Ken, it's been a loooooooooooooooong time since I've been into the B'Mann 0-4-0 but if I recall, those axles are split and you pull them apart from the inside. Also, if I can remember, the front axle is different from the back and it's not too convenient to take the inserts out. To try to pry them out with a screwdriver or pull them with a pair of needle nose pliers may scar the spokes. 

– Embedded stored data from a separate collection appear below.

Lemma comp_covers_saturated F x y C0 : sole_clause F x C0 -> sole_clause F y C0 ->
  x.1 != y.1 -> saturated (DP y.1 F) -> 0 < ldeg F (comp y) -> comp_covers F x y C0.
Proof.
move=> hx hy xy sat cy D DF cxD a aC0 ax ay; have [mu C0F xC0 _] := hx.
have [_ _ yC0 _] := hy.
have acx : a != comp x by apply: contraTneq aC0 => ->; exact: MU_clause_ok mu C0F xC0.
have acy : a != comp y by apply: contraTneq aC0 => ->; exact: MU_clause_ok mu C0F yC0.
exact: (sole_mem_saturated hy cy sat (neq_var_lit ay acy) xy (neq_var_lit ax acx) aC0 xC0
          (sole_ldeg hx) DF cxD).
Qed.

Lemma swap_resolvent_comp F x y C0 D : sole_clause F x C0 -> sole_clause F y C0 ->
  x.1 != y.1 -> D \in F -> D != C0 -> comp x \in D ->
  comp_covers F x y C0 -> swap x y @` resolvent x C0 D = resolvent y C0 D.
Proof.
move=> hx hy xy DF DC0 cxD cov; have [mu C0F xC0 _] := hx; have [_ _ yC0 _] := hy.
have yx : y.1 != x.1 by rewrite eq_sym.
have cyD : comp y \notin D.
  apply/negP => cyD; have [_ _ clash_x] := sole_clash hx DF cxD.
  by move: xy; rewrite -(clash_x _ yC0 cyD) eqxx.
have yD := sole_notin hy DF DC0.
have xD : x \notin D by rewrite -[x]compK; exact: MU_clause_ok mu DF cxD.
have cyC0 := sole_comp_notin hy.
have [yx1 yx2] := var_lit_neq yx.
rewrite /resolvent cxD (negbTE cyD); apply/fsetP => l; rewrite in_swap // in_resolution.
have [lx|lx] := eqVneq l.1 x.1.
  case: (same_var_lit (esym lx)) => ->; rewrite ?swap_x ?swap_cx //.
    by rewrite (negbTE xD) (negbTE cyC0) (negbTE cyD) /= !andbF.
  by rewrite cxD yC0 yx1 yx2.
have [ly|ly] := eqVneq l.1 y.1.
  case: (same_var_lit (esym ly)) => ->; rewrite ?swap_y ?swap_cy //.
    by rewrite eqxx /= andbF (negbTE yD).
  by rewrite eqxx /= (negbTE cyD).
rewrite swap_id //; have [l1 l2] := var_lit_neq lx; have [l3 _] := var_lit_neq ly.
rewrite l1 l2 /=; case lC0: (l \in C0) => //=.
by rewrite cov.
Qed.

Section TwoSole.

Variables (F : clauseset) (x y : lit) (C0 : clause).
Hypotheses (hx : sole_clause F x C0) (hy : sole_clause F y C0) (xy : x.1 != y.1).

Lemma swap_resolvent D : D \in F -> D != C0 ->
  comp_covers F x y C0 -> comp_covers F y x C0 ->
  swap x y @` resolvent x C0 D = resolvent y C0 D.
Proof.
move=> DF DC0 covx covy; have yx : y.1 != x.1 by rewrite eq_sym.
have [cxD|cxD] := boolP (comp x \in D); first exact: swap_resolvent_comp hx hy xy DF DC0 cxD covx.
have [cyD|cyD] := boolP (comp y \in D).
  rewrite -(swap_resolvent_comp hy hx yx DF DC0 cyD covy); apply: imfsetK => l.
  by rewrite (swapC yx) swapK.
have fixD l : l \in D -> swap x y l = l.
  move=> /mem_varC lD; apply: swap_id.
    by apply: contraNneq (sole_var_notin hx DF DC0 cxD) => <-.
  by apply: contraNneq (sole_var_notin hy DF DC0 cyD) => <-.
rewrite /resolvent (negbTE cxD) (negbTE cyD); apply/fsetP => l; rewrite in_swap //.
apply/idP/idP => [sD|lD]; last by rewrite fixD.
by rewrite -(swapK xy l) fixD.
Qed.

You solution stated in your signature line is probably the best....


----------



## cjwalas (Jan 2, 2008)

BE very careful! The driver centers do come out, but not as easily as the ten-wheeler ones, in my experience. The rear axle on this model is very delicate in the center, where Stan mentions the half axles meet, and if you grasp the axle too hard prying the wheel centers out, you may break the small metal pin in the axle. If you do that, there's no easy repair for it that I know of. Bachmann is no help at all on this issue and you may wind up having to just dump the loco because of it. 
Having said that, the centers can be pried out. I usually use a tiny flathead screwdriver and very gently pry the plastic insert out a little at a time, spoke by spoke. Slowly. Really slowly. 
Chris


----------



## DKRickman (Mar 25, 2008)

Posted By peter bunce on 09/04/2008 11:14 AM
Hi, 
IF the centers are like the 4 4 0 & mogul they just 'flick' out, 
Try using the back of a knife (so it is the wide and not the sharp side) and see if the can be lifted by pushing it in between the center and the rest of the wheel; it hides the fixing screw.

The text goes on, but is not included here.